« Écrire des histoires est la meilleur manière pour moi de m’exprimer » (E. Gaskell à Mary Green, 1853)
Pourquoi Elizabeth Gaskell est-elle si ignorée aujourd’hui, alors que ses amis Charles Dickens et Charlotte Brontë sont si célèbres ? Il est vrai que ces deux derniers, l’une par sa vie si atypique et l’autre par son style si extraordinaire, éclipsent tous les autres écrivains victoriens…

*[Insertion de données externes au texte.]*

Section RealSteps.
Variable R : realType.

Lemma dist_expR_le (a b E : R) : a <= E -> b <= E ->
  `|expR a - expR b| <= expR E * `|a - b|.
Proof.
wlog ab : a b / a <= b.
  move=> H aE bE; have [ab|/ltW ba] := leP a b; first exact: H.
  by rewrite distrC [`|a - b|]distrC; apply: H.
move=> aE bE; rewrite distrC [`|a - b|]distrC !ger0_norm ?subr_ge0 ?ler_expR //.
have -> : expR b - expR a = expR b * (1 - expR (a - b)).
  by rewrite mulrBr mulr1 expRD expRN mulrCA divff ?mulr1 // gt_eqF ?expR_gt0.
have h1 := expR_ge1Dx (a - b).
apply: le_trans (_ : expR b * (b - a) <= _).
  by rewrite ler_wpM2l ?(ltW (expR_gt0 b)) //; lra.
by rewrite ler_wpM2r ?ler_expR //; lra.
Qed.

Lemma dist_ln_le (x y N M : R) : 0 < x -> 1 <= N -> 1 <= M ->
  x / N <= y <= M * x -> `|ln y - ln x| <= ln N + ln M.
Proof.
move=> x0 N1 M1 /andP[lo hi].
have N0 : 0 < N by lra.
have y0 : 0 < y by apply: lt_le_trans lo; rewrite divr_gt0.
have := ln_ge0 N1; have := ln_ge0 M1.
have : ln x - ln N <= ln y.
  by rewrite -ln_div ?posrE // ler_ln ?posrE ?divr_gt0.
have : ln y <= ln M + ln x.
  by rewrite -lnM ?posrE ?mulr_gt0 // ?ler_ln ?posrE ?mulr_gt0 //; lra.
by rewrite ler_norml; lra.
Qed.

Lemma dist_div_step (a b B D K K' : R) : 0 < K -> K' = K \/ K' = K + 1 ->
  0 <= a -> a / K <= B -> `|b - a| <= D -> `|b / K' - a / K| <= (D + B) / K.
Proof.
move=> K0 hK a0 aB; rewrite ler_norml => /andP[ab1 ab2].
have aK0 : 0 <= a / K by rewrite divr_ge0 // ltW.
case: hK => ->.
  rewrite -mulrBl normrM [`|K^-1|]gtr0_norm ?invr_gt0 //.
  by apply: ler_wpM2r; [rewrite invr_ge0 ltW | rewrite ler_norml; lra].
have K1 : 0 < K + 1 by lra.
have -> : b / (K + 1) - a / K = ((b - a) - a / K) / (K + 1).
  by field; rewrite !gt_eqF.
rewrite normrM [`|(K + 1)^-1|]gtr0_norm ?invr_gt0 //.
apply: le_trans (_ : (D + B) / (K + 1) <= _).
  by rewrite ler_wpM2r ?invr_ge0 ?(ltW K1) // ler_norml; lra.
rewrite ler_wpM2l ?lef_pV2 ?posrE //; lra.
Qed.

Pourtant, Elizabeth Gaskell est autrice d’une oeuvre importante, autant par le volume (huit romans et plusieurs nouvelles) que par l’intention. Plusieurs de ses romans décrivent de l’intérieur les bouleversements d’une révolution industrielle qu’elle était bien placée pour observer de près, car elle habitait Manchester, un des coeurs de cette révolution – là même où Engels (1) et Marx élaboraient leur théorie au milieu des années 1840. On aurait même pu imaginer (mais avec beaucoup d’imagination) Friedrich et Karl devisant au coin du feu avec Elizabeth dans sa maison de Plymouth Grove, aujourd’hui musée.

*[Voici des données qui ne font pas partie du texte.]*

(* Let $A$ be a finite-dimensional associative algebra over $K=\mathbb{R}$ or $\mathbb{C}$, let $\{\cdot,\cdot\}$ be a quadratic pre-Poisson bracket on $A$ (not necessarily compatible with the multiplication), let $\delta\colon\mathrm{Symm}(A\otimes A)\to A\wedge A\subset A\otimes A$ be the dual of the map $\delta^*\colon A^*\wedge A^*\to\mathrm{Sym}^2(A^* )$ encoding the bracket, and let $\tilde\delta\colon A\otimes A\to A\otimes A$ be an arbitrary linear extension of $\delta$. Then for every fully symmetric tensor $X\in A\otimes A\otimes A$ the value $[[\tilde\delta,\tilde\delta]](X)$ depends only on $\delta$ (not on the chosen extension), and the bracket satisfies the Jacobi identity if and only if $[[\tilde\delta,\tilde\delta]](X)=0$ for every fully symmetric $X\in A\otimes A\otimes A$.
   Context: A pre-Poisson bracket on $A$ is a bilinear skew-symmetric map on $C^\infty(A)$ satisfying the Leibniz rule; it is quadratic if the bracket of two linear functions (elements of $A^*$) is a homogeneous quadratic function (element of $\mathrm{Sym}^2(A^* )$); it is then encoded by $\delta^*(\xi\wedge\eta)=\{\xi,\eta\}$, and $\delta$ is the dual map under the natural identifications of $\mathrm{Symm}(A\otimes A)$ with $(\mathrm{Sym}^2A^* )^*$ and $A\wedge A$ with $(A^*\wedge A^* )^*$. For a linear operator $P$ on $V\otimes V$, $P^{12}$ denotes the operator on $V\otimes V\otimes V$ acting as $P$ on the first two factors and as the identity on the third; $P^{13},P^{23}$ are defined similarly. The Schouten bracket is the operator $[[P,P]]=[P^{12},P^{13}]+[P^{12},P^{23}]+[P^{13},P^{23}]$ on $V^{\otimes3}$, where $[\cdot,\cdot]$ is the commutator of operators. *)

From HB Require Import structures.
From mathcomp Require Import all_boot all_order all_algebra.
From mathcomp Require Import mpoly.
Set Implicit Arguments. Unset Strict Implicit. Unset Printing Implicit Defensive.
Import Order.TTheory GRing.Theory Num.Theory.
Local Open Scope ring_scope.

(* Coordinates: A = K^n with its standard basis e_0..e_{n-1};
   A^* has dual basis x_i = 'X_i (coordinate functions);
   functions on A are modelled by polynomial functions {mpoly K[n]};
   A (x) A   ~ 'M[K]_n          (T = sum_{ij} T i j e_i (x) e_j);
   A (x) A (x) A ~ 'I_n -> 'I_n -> 'I_n -> K. *)

Definition tensor3 (K : Type) (n : nat) := 'I_n -> 'I_n -> 'I_n -> K.

Definition assoc_algebra (K : numFieldType) (n : nat)
    (mul : 'rV[K]_n -> 'rV[K]_n -> 'rV[K]_n) : Prop :=
  [/\ forall a u v w, mul (a *: u + v) w = a *: mul u w + mul v w,
      forall a u v w, mul u (a *: v + w) = a *: mul u v + mul u w
    & forall u v w, mul (mul u v) w = mul u (mul v w)].

Definition pre_poisson (K : numFieldType) (n : nat)
    (br : {mpoly K[n]} -> {mpoly K[n]} -> {mpoly K[n]}) : Prop :=
  [/\ forall a f g h, br (a *: f + g) h = a *: br f h + br g h,
      forall f g, br f g = - br g f
    & forall f g h, br (f * g) h = f * br g h + g * br f h].

Definition quadratic_bracket (K : numFieldType) (n : nat)
    (br : {mpoly K[n]} -> {mpoly K[n]} -> {mpoly K[n]}) : Prop :=
  forall p q : {mpoly K[n]}, p \is 1.-homog -> q \is 1.-homog ->
    br p q \is 2.-homog.

Definition jacobi (K : numFieldType) (n : nat)
    (br : {mpoly K[n]} -> {mpoly K[n]} -> {mpoly K[n]}) : Prop :=
  forall f g h, br f (br g h) + br g (br h f) + br h (br f g) = 0.

Definition sym2 (K : Type) (n : nat) (S : 'M[K]_n) : Prop :=
  forall i j, S i j = S j i.

Definition sym3 (K : Type) (n : nat) (X : tensor3 K n) : Prop :=
  forall i j k, X i j k = X j i k /\ X i j k = X i k j.

(* Natural pairing Sym^2(A^* ) x Symm(A (x) A) -> K:
   <q, S> = sum_{k,l} S k l * B_q(e_k, e_l), with B_q the polarization of q,
   B_q(e_k,e_l) = (1/2) d_k d_l q. *)
Definition pair_sym (K : numFieldType) (n : nat) (q : {mpoly K[n]}) (S : 'M[K]_n) : K :=
  \sum_(k < n) \sum_(l < n) S k l * ((mderiv k (mderiv l q))@_0%MM / 2%:R).

(* delta : Symm(A (x) A) -> A /\ A, dual to delta^*(x_i /\ x_j) = {x_i, x_j},
   with A /\ A ~ (A^* /\ A^* )^* via <xi /\ eta, W> = W(xi, eta), i.e.
   <x_i /\ x_j, W> = W i j. *)
Definition delta (K : numFieldType) (n : nat)
    (br : {mpoly K[n]} -> {mpoly K[n]} -> {mpoly K[n]}) (S : 'M[K]_n) : 'M[K]_n :=
  \matrix_(i, j) pair_sym (br 'X_i 'X_j) S.

Definition extends_delta (K : numFieldType) (n : nat)
    (br : {mpoly K[n]} -> {mpoly K[n]} -> {mpoly K[n]})
    (D : {linear 'M[K]_n -> 'M[K]_n}) : Prop :=
  forall S, sym2 S -> D S = delta br S.

Definition op12 (K : numFieldType) (n : nat) (P : 'M[K]_n -> 'M[K]_n)
  (X : tensor3 K n) : tensor3 K n :=
  fun a b c => P (\matrix_(i, j) X i j c) a b.
Definition op13 (K : numFieldType) (n : nat) (P : 'M[K]_n -> 'M[K]_n)
  (X : tensor3 K n) : tensor3 K n :=
  fun a b c => P (\matrix_(i, k) X i b k) a c.
Definition op23 (K : numFieldType) (n : nat) (P : 'M[K]_n -> 'M[K]_n)
  (X : tensor3 K n) : tensor3 K n :=
  fun a b c => P (\matrix_(j, k) X a j k) b c.

Definition comm3 (K : numFieldType) (n : nat) (F G : tensor3 K n -> tensor3 K n)
  (X : tensor3 K n) : tensor3 K n :=
  fun a b c => F (G X) a b c - G (F X) a b c.

Definition schouten (K : numFieldType) (n : nat) (P : 'M[K]_n -> 'M[K]_n)
  (X : tensor3 K n) : tensor3 K n :=
  fun a b c => comm3 (op12 P) (op13 P) X a b c + comm3 (op12 P) (op23 P) X a b c
             + comm3 (op13 P) (op23 P) X a b c.

(* Pair symmetric tensors X of A (x) A (x) A with cubic polynomials through third
   derivatives at 0.  Expanding {x_b, x_c} = sum_kl B(e_k, e_l) x_k x_l and using
   the Leibniz rule, <X, {x_a, {x_b, x_c}}> is delta applied to a symmetric matrix
   built from the slices of X, and regrouping the Schouten bracket produces exactly
   these three terms:  [[D, D]](X)_abc = - <X, J(x_a, x_b, x_c)>, J the Jacobiator.
   This depends on delta only, and vanishes for all symmetric X iff the cubics
   J(x_a, x_b, x_c) vanish, because symmetrised unit tensors read off all third
   derivatives.  Finally J is a derivation in each argument, so it vanishes
   identically once it vanishes on the coordinate functions. *)

From HB Require Import structures.
From mathcomp Require Import all_boot all_order all_algebra.
From mathcomp Require Import mpoly ring.
From Stdlib Require Import FunctionalExtensionality.
Set Implicit Arguments. Unset Strict Implicit. Unset Printing Implicit Defensive.
Import Order.TTheory GRing.Theory Num.Theory.
Local Open Scope ring_scope.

Nord et Sud était le roman favori d’Elizabeth Gaskell. Il parut en feuilletons en 1854-1855 dans Household Words, le magazine hebdomadaire créé par Charles Dickens qui venait d’y publier Les Temps difficiles, récit tout aussi social, mais moins optimiste. Les deux histoires étaient en partie inspirées par la grève des ouvriers textiles de Preston en 1854. Les années 1840-1850 virent ainsi la naissance du roman à vocation sociale, avec aussi Charles Kingsley, Ruskin et Carlyle. Le Mary Barton d’Elizabeth Gaskell date de 1848 (il raconte la vie de deux familles, l’une pauvre, l’autre riche, dans le Manchester du début des années 1840). Gaskell faisait preuve d’un certain courage, son mari, pasteur unitarien, étant en relation avec les patrons de l’industrie textile de Manchester, tout comme le pasteur Brontë côtoyait les directeurs des fabriques d’Haworth dans ces mêmes années.
Quand Elizabeth Gaskell et son mari William arrivent à Manchester en 1832, c’est pour s’installer 14 Dover Street dans une maison disparue depuis. Ils emménagent en 1842 dans une autre maison à l’angle de Upper Rumford Street (également disparue depuis) et en 1850 dans celle de Plymouth Grove. Tout comme les soeurs Brontë, que la fréquentation par leur père des familles pauvres de Haworth sensibilisait aux conditions d’existence des plus humbles, c’est par les rencontres des familles ouvrières de Manchester avec son mari pasteur, qu’Elizabeth découvre des vies démolies par l’industrialisation à marche forcée. La mort de leur fils en 1844 la plonge dans une profonde affliction, dont l’écriture de Mary Barton la sortira.
Voici d’autres adresses où elle a vécu :
- Elle naît en 1810 au 93 Cheyne Walk à Londres (plaque).
- Après le décès de sa mère quand Elizabeth n’a que treize mois, elle vit chez sa tante, dans une maison qui existe encore : Heathwaite House, 17 Gaskell Avenue à Knutsford. Elle fera plus tard de Knutsford le décor de son roman Cranford. À douze ans, elle intègre une école à Barford puis à Stratford-on-Avon en 1824. Elle vit chez son père à Londres en 1828-1829, puis regagne Knutsford, vit ensuite un moment à Newcastle upon Tyne, puis à Édimbourg en 1831.
- Elle fait plusieurs séjours à Plas Penrhyn, la propriété de son cousin près de Portmeirion dans le Pays de Galles.






(1) : Il publie en 1845 La Situation de la classe ouvrière en Angleterre en 1844. Il habite la même Dover Street que les Gaskell entre 1865 et 1868, aux numéros 25 et 58, démolis pour faire place aux bâtiments de l’université.